(* Let $\mathcal{U}\subseteq\mathbb{R}^n$ be a domain and $F=u\,\phi(r,s)$ a spherically symmetric Finsler metric on $\mathcal{U}$, where $u=|y|$, $r=|x|$, $s=\langle x,y\rangle/|y|$ and $\phi$ is smooth. Put $\sigma_1=\phi-s\phi_s$ and $\rho=\phi\,[\sigma_1+(r^2-s^2)\phi_{ss}]$. Then the norm of the mean Cartan torsion of $F$ is $$\|\mathbf{I}\|=\left|\frac{(n+1)(\sigma_1\phi_s-s\phi\phi_{ss})(\sigma_1+(r^2-s^2)\phi_{ss})+(r^2-s^2)(\sigma_1\phi_{sss}+3s\phi_{ss}^2)\phi}{2u\,\sigma_1\,\rho}\right|\sqrt{\frac{r^2-s^2}{\rho}}.$$
   Context: Here $|\cdot|$, $\langle\cdot,\cdot\rangle$ are the Euclidean norm and inner product on $\mathbb{R}^n$; subscripts $s$ denote partial derivatives in $s$. For a Finsler metric $F$: $g_{ij}=\tfrac12(F^2)_{y^iy^j}$, $(g^{ij})$ its inverse, $C_{ijk}=\tfrac12\partial g_{ij}/\partial y^k$, mean Cartan torsion $I_i=g^{jk}C_{ijk}$, and $\|\mathbf{I}\|^2=g^{ij}I_iI_j$. *)

From mathcomp Require Import all_boot all_order all_algebra.
From mathcomp Require Import all_classical all_reals all_analysis.
Set Implicit Arguments. Unset Strict Implicit. Unset Printing Implicit Defensive.
Import Order.TTheory GRing.Theory Num.Theory.
Import numFieldNormedType.Exports.
Local Open Scope classical_set_scope.
Local Open Scope ring_scope.

Fixpoint iterD (R : realType) (V : normedModType R) (vs : seq V) (f : V -> R)
  : V -> R :=
  match vs with
  | [::] => f
  | v :: vs' => fun p => 'D_v (iterD vs' f) p
  end.

Definition smooth_on (R : realType) (V : normedModType R) (D : set V)
    (f : V -> R) : Prop :=
  open D /\
  forall (vs : seq V) (p : V), D p ->
    (forall v : V, derivable (iterD vs f) p v) /\
    {for p, continuous (iterD vs f)}.

Definition dotv (R : realType) (n : nat) (x y : 'rV[R]_n) : R :=
  \sum_(i < n) x ord0 i * y ord0 i.
Definition enorm (R : realType) (n : nat) (x : 'rV[R]_n) : R :=
  Num.sqrt (dotv x x).
Definition ebasis (R : realType) (n : nat) (i : 'I_n) : 'rV[R]_n :=
  delta_mx ord0 i.

Section Finsler.
Variables (R : realType) (n : nat) (F : 'rV[R]_n -> 'rV[R]_n -> R).

Definition dy (i : 'I_n) (f : 'rV[R]_n -> R) (y : 'rV[R]_n) : R :=
  'D_(ebasis R i) f y.

Definition fund_tensor (x y : 'rV[R]_n) (i j : 'I_n) : R :=
  2^-1 * dy j (dy i (fun w => F x w ^+ 2)) y.

Definition gmat (x y : 'rV[R]_n) : 'M[R]_n :=
  \matrix_(i, j) fund_tensor x y i j.

Definition ginv (x y : 'rV[R]_n) : 'M[R]_n := invmx (gmat x y).

Definition cartan (x y : 'rV[R]_n) (i j k : 'I_n) : R :=
  2^-1 * dy k (fun w => fund_tensor x w i j) y.

Definition mean_cartan (x y : 'rV[R]_n) (i : 'I_n) : R :=
  \sum_(j < n) \sum_(k < n) ginv x y j k * cartan x y i j k.

Definition norm_mean_cartan (x y : 'rV[R]_n) : R :=
  Num.sqrt (\sum_(i < n) \sum_(j < n)
              ginv x y i j * mean_cartan x y i * mean_cartan x y j).
End Finsler.

Definition domain (R : realType) (n : nat) (U : set 'rV[R]_n) : Prop :=
  open U /\ connected U /\ U !=set0.

Definition finsler_metric (R : realType) (n : nat) (U : set 'rV[R]_n)
    (F : 'rV[R]_n -> 'rV[R]_n -> R) : Prop :=
  smooth_on [set p : 'rV[R]_n * 'rV[R]_n | U p.1 /\ p.2 != 0]
            (fun p => F p.1 p.2) /\
  (forall x y, U x -> y != 0 -> 0 < F x y) /\
  (forall x y (l : R), U x -> y != 0 -> 0 < l -> F x (l *: y) = l * F x y) /\
  (forall x y (v : 'rV[R]_n), U x -> y != 0 -> v != 0 ->
     0 < \sum_(i < n) \sum_(j < n) fund_tensor F x y i j * v ord0 i * v ord0 j).

Definition sph_metric (R : realType) (n : nat) (phi : R -> R -> R)
    (x y : 'rV[R]_n) : R :=
  enorm y * phi (enorm x) (dotv x y / enorm y).

Definition phi_s (R : realType) (phi : R -> R -> R) (r s : R) : R :=
  derive1 (fun t => phi r t) s.
Definition phi_ss (R : realType) (phi : R -> R -> R) (r s : R) : R :=
  derive1 (fun t => phi_s phi r t) s.
Definition phi_sss (R : realType) (phi : R -> R -> R) (r s : R) : R :=
  derive1 (fun t => phi_ss phi r t) s.

From Pilot Require Import Defs.
From mathcomp Require Import all_boot all_order all_algebra.
From mathcomp Require Import all_classical all_reals all_analysis.
From mathcomp Require Import ring.
Import Order.TTheory GRing.Theory Num.Theory.
Import numFieldNormedType.Exports.
Local Open Scope classical_set_scope.
Local Open Scope ring_scope.

Set Implicit Arguments. Unset Strict Implicit. Unset Printing Implicit Defensive.

(* Put a := y / |y| and m := x - s a, so that <a, m> = 0 and |m|^2 = r^2 - s^2.
   Differentiating F^2 = u^2 phi(r, s)^2 in y expresses g and C through the
   identity, a and m, with coefficients in phi, phi_s, phi_ss, phi_sss.  Then g
   can be inverted in closed form, and contracting C with g^-1 gives I = lambda m,
   so that ||I||^2 = lambda^2 <m, g^-1 m> = lambda^2 (r^2 - s^2) / rho; when y is
   parallel to x, m = 0 and both sides vanish.
   The divisions are legitimate: phi > 0 because F > 0; rho > 0 because g is
   positive on (r^2 - s^2) phi_s a - phi m; and sigma1 > 0 because, with eps the
   sign of s, every value eps t (|s| <= t <= r) of s is attained by some direction,
   so t |-> sigma1(eps t) sqrt(r^2 - t^2) has derivative
   -t rho / (phi sqrt(r^2 - t^2)) < 0 on (|s|, r) and vanishes at t = r. *)

Section EuclideanDot.
Variables (R : realType) (n : nat).
Implicit Types (p q w : 'rV[R]_n).
Local Notation e := (ebasis R).

Lemma dotvC p q : dotv p q = dotv q p.
Proof. by apply: eq_bigr => i _; rewrite mulrC. Qed.

Lemma dotvDl p q w : dotv (p + q) w = dotv p w + dotv q w.
Proof. by rewrite /dotv -big_split; apply: eq_bigr => i _; rewrite !mxE mulrDl. Qed.

Lemma dotvDr w p q : dotv w (p + q) = dotv w p + dotv w q.
Proof. by rewrite dotvC dotvDl !(dotvC w). Qed.

Lemma dotvZl (c : R) p q : dotv (c *: p) q = c * dotv p q.
Proof. by rewrite /dotv mulr_sumr; apply: eq_bigr => i _; rewrite !mxE mulrA. Qed.

Lemma dotvZr (c : R) p q : dotv p (c *: q) = c * dotv p q.
Proof. by rewrite dotvC dotvZl dotvC. Qed.

Lemma dotvNl p q : dotv (- p) q = - dotv p q.
Proof. by rewrite -scaleN1r dotvZl mulN1r. Qed.

Lemma dotvNr p q : dotv p (- q) = - dotv p q.
Proof. by rewrite -scaleN1r dotvZr mulN1r. Qed.

Lemma dotvBl p q w : dotv (p - q) w = dotv p w - dotv q w.
Proof. by rewrite dotvDl dotvNl. Qed.

Lemma dotvBr w p q : dotv w (p - q) = dotv w p - dotv w q.
Proof. by rewrite dotvDr dotvNr. Qed.

Lemma dotv0l p : dotv 0 p = 0.
Proof. by rewrite -(scale0r 0) dotvZl mul0r. Qed.

Lemma dotv0r p : dotv p 0 = 0.
Proof. by rewrite dotvC dotv0l. Qed.

Lemma dotv_sumr (I : Type) (r : seq I) (F : I -> 'rV[R]_n) p :
  dotv p (\sum_(i <- r) F i) = \sum_(i <- r) dotv p (F i).
Proof. exact: (big_morph _ (dotvDr p) (dotv0r p)). Qed.

Lemma dotv_ge0 p : 0 <= dotv p p.
Proof. by apply: sumr_ge0 => i _; rewrite -expr2 sqr_ge0. Qed.

Lemma dotv_eq0 p : (dotv p p == 0) = (p == 0).
Proof.
apply/idP/eqP => [|->]; last by rewrite dotv0l.
rewrite psumr_eq0 => [/allP p0|i _]; last by rewrite -expr2 sqr_ge0.
apply/rowP => i; rewrite mxE; apply/eqP.
by have := p0 i (mem_index_enum i); rewrite -expr2 sqrf_eq0.
Qed.

Lemma dotv_gt0 p : (0 < dotv p p) = (p != 0).
Proof. by rewrite lt_def dotv_ge0 andbT dotv_eq0. Qed.

Lemma enorm_sqr p : enorm p ^+ 2 = dotv p p.
Proof. by rewrite sqr_sqrtr // dotv_ge0. Qed.

Lemma enorm_ge0 p : 0 <= enorm p.
Proof. exact: sqrtr_ge0. Qed.

Lemma enorm_gt0 p : (0 < enorm p) = (p != 0).
Proof. by rewrite sqrtr_gt0 dotv_gt0. Qed.

Lemma dotv_ebasisr p i : dotv p (e i) = p ord0 i.
Proof.
rewrite /dotv (bigD1 i) //= big1 => [|j ji]; last by rewrite !mxE (negbTE ji) andbF mulr0.
by rewrite !mxE !eqxx mulr1 addr0.
Qed.

Lemma sum_dotv_ebasis p q : \sum_(j < n) dotv p (e j) * dotv q (e j) = dotv p q.
Proof. by apply: eq_bigr => j _; rewrite !dotv_ebasisr. Qed.

Lemma sum_dotv_ebasis_id : \sum_(j < n) dotv (e j) (e j) = n%:R.
Proof.
under eq_bigr => j _ do rewrite dotv_ebasisr mxE !eqxx.
by rewrite sumr_const card_ord.
Qed.

Definition opmx (S : 'rV[R]_n -> 'rV[R]_n) : 'M[R]_n := \matrix_(i, j) dotv (S (e i)) (e j).

Lemma opmx_quad (S : 'rV[R]_n -> 'rV[R]_n) v :
  (forall p q, dotv (S p) q = dotv p (S q)) ->
  \sum_(i < n) \sum_(j < n) opmx S i j * dotv v (e i) * dotv v (e j) = dotv v (S v).
Proof.
move=> Ssym; rewrite -sum_dotv_ebasis; apply: eq_bigr => i _.
rewrite Ssym (dotvC v (S (e i))) -(sum_dotv_ebasis (S (e i)) v) mulr_sumr.
by apply: eq_bigr => j _; rewrite mxE; ring.
Qed.

Lemma invmx_opmx (G M : 'rV[R]_n -> 'rV[R]_n) :
  (forall p q, dotv (G p) (M q) = dotv p q) ->
  (forall p q, dotv (M p) q = dotv p (M q)) ->
  invmx (opmx G) = opmx M.
Proof.
move=> GM Msym.
have GMK : opmx G *m opmx M = 1%:M.
  apply/matrixP => i j; rewrite !mxE.
  rewrite (eq_bigr (fun k => dotv (G (e i)) (e k) * dotv (M (e j)) (e k))) => [|k _].
    by rewrite sum_dotv_ebasis GM dotv_ebasisr mxE eqxx eq_sym.
  by rewrite !mxE; congr (_ * _); rewrite Msym dotvC.
have [GU _] := mulmx1_unit GMK.
by rewrite -[RHS](mulKmx GU) GMK mulmx1.
Qed.

Definition rank_update (c : R) (pqs : seq ('rV[R]_n * 'rV[R]_n)) z :=
  c *: z + \sum_(pq <- pqs) dotv pq.1 z *: pq.2.

Lemma trace_rank_update (S : 'rV[R]_n -> 'rV[R]_n) c pqs :
  (forall p q, dotv (S p) q = dotv p (S q)) ->
  \sum_(j < n) dotv (S (e j)) (rank_update c pqs (e j))
  = c * \sum_(j < n) dotv (S (e j)) (e j) + \sum_(pq <- pqs) dotv pq.1 (S pq.2).
Proof.
move=> Ssym; under eq_bigr => j _ do rewrite /rank_update dotvDr dotvZr dotv_sumr.
rewrite big_split /= -mulr_sumr; congr (_ + _); rewrite exchange_big /=.
apply: eq_bigr => pq _; rewrite -sum_dotv_ebasis; apply: eq_bigr => j _.
by rewrite dotvZr Ssym (dotvC (e j)).
Qed.

Lemma exists_unit_dotv x p (tau : R) : 0 < dotv x x -> dotv x p = 0 -> p != 0 ->
  tau ^+ 2 <= dotv x x -> exists w, dotv w w = 1 /\ dotv x w = tau.
Proof.
move=> x0 xp p0 tau_le.
have xx0 : dotv x x != 0 by rewrite gt_eqF.
have pp0 : dotv p p != 0 by rewrite dotv_eq0.
set c := Num.sqrt ((dotv x x - tau ^+ 2) / (dotv x x * dotv p p)).
have c2 : c ^+ 2 = (dotv x x - tau ^+ 2) / (dotv x x * dotv p p).
  by rewrite sqr_sqrtr // divr_ge0 ?subr_ge0 // mulr_ge0 ?dotv_ge0.
exists ((tau / dotv x x) *: x + c *: p); split.
  rewrite !(dotvDl, dotvDr, dotvZl, dotvZr) xp (dotvC p) xp.
  by rewrite [c * (c * _)]mulrA -expr2 c2; field; rewrite ?xx0 ?pp0.
by rewrite dotvDr !dotvZr xp mulr0 addr0 divfK.
Qed.

End EuclideanDot.

Ltac expand_dotv :=
  repeat progress rewrite ?dotvDl ?dotvDr ?dotvZl ?dotvZr ?dotvBl ?dotvBr
                          ?dotvNl ?dotvNr.

Section DirectionalDerivative.
Variables (R : realType) (V : normedModType R).
Implicit Types (f g : V -> R) (x v : V).

Lemma is_deriveD_fun f g x v df dg : is_derive x v f df -> is_derive x v g dg ->
  is_derive x v (fun w => f w + g w) (df + dg).
Proof. by move=> fx gx; have := is_deriveD fx gx. Qed.

Lemma is_deriveN_fun f x v df : is_derive x v f df ->
  is_derive x v (fun w => - f w) (- df).
Proof. by move=> fx; have := is_deriveN fx. Qed.

Lemma is_deriveM_fun f g x v df dg : is_derive x v f df -> is_derive x v g dg ->
  is_derive x v (fun w => f w * g w) (f x * dg + g x * df).
Proof. by move=> fx gx; have := is_deriveM fx gx. Qed.

Lemma is_deriveV_fun f x v df : f x != 0 -> is_derive x v f df ->
  is_derive x v (fun w => (f w)^-1) (- (f x) ^- 2 * df).
Proof.
move=> fx0 [fx dfx]; apply: DeriveDef; first exact: derivableV.
by rewrite deriveV // dfx.
Qed.

Lemma derive_along_line f x v : 'D_v f x = 'D_1 (fun h : R => f (h *: v + x)) 0.
Proof.
rewrite /derive.
have -> : (fun h : R => h^-1 *: ((f \o shift x) (h *: v) - f x)) = (fun h : R =>
    h^-1 *: (((fun h' : R => f (h' *: v + x)) \o shift 0) h%:A - f (0 *: v + x))).
  by apply/funext => h /=; rewrite addr0 scale0r add0r [_%:A]mulr1.
by [].
Qed.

WHAT TO PRODUCE
Give back, word for word, only the lines above from the line holding "(forall x y (v" to the line holding "derive1 (fun t => phi r t) s.", both included.

EXPECTED ANSWER
  (forall x y (v : 'rV[R]_n), U x -> y != 0 -> v != 0 ->
     0 < \sum_(i < n) \sum_(j < n) fund_tensor F x y i j * v ord0 i * v ord0 j).

Definition sph_metric (R : realType) (n : nat) (phi : R -> R -> R)
    (x y : 'rV[R]_n) : R :=
  enorm y * phi (enorm x) (dotv x y / enorm y).

Definition phi_s (R : realType) (phi : R -> R -> R) (r s : R) : R :=
  derive1 (fun t => phi r t) s.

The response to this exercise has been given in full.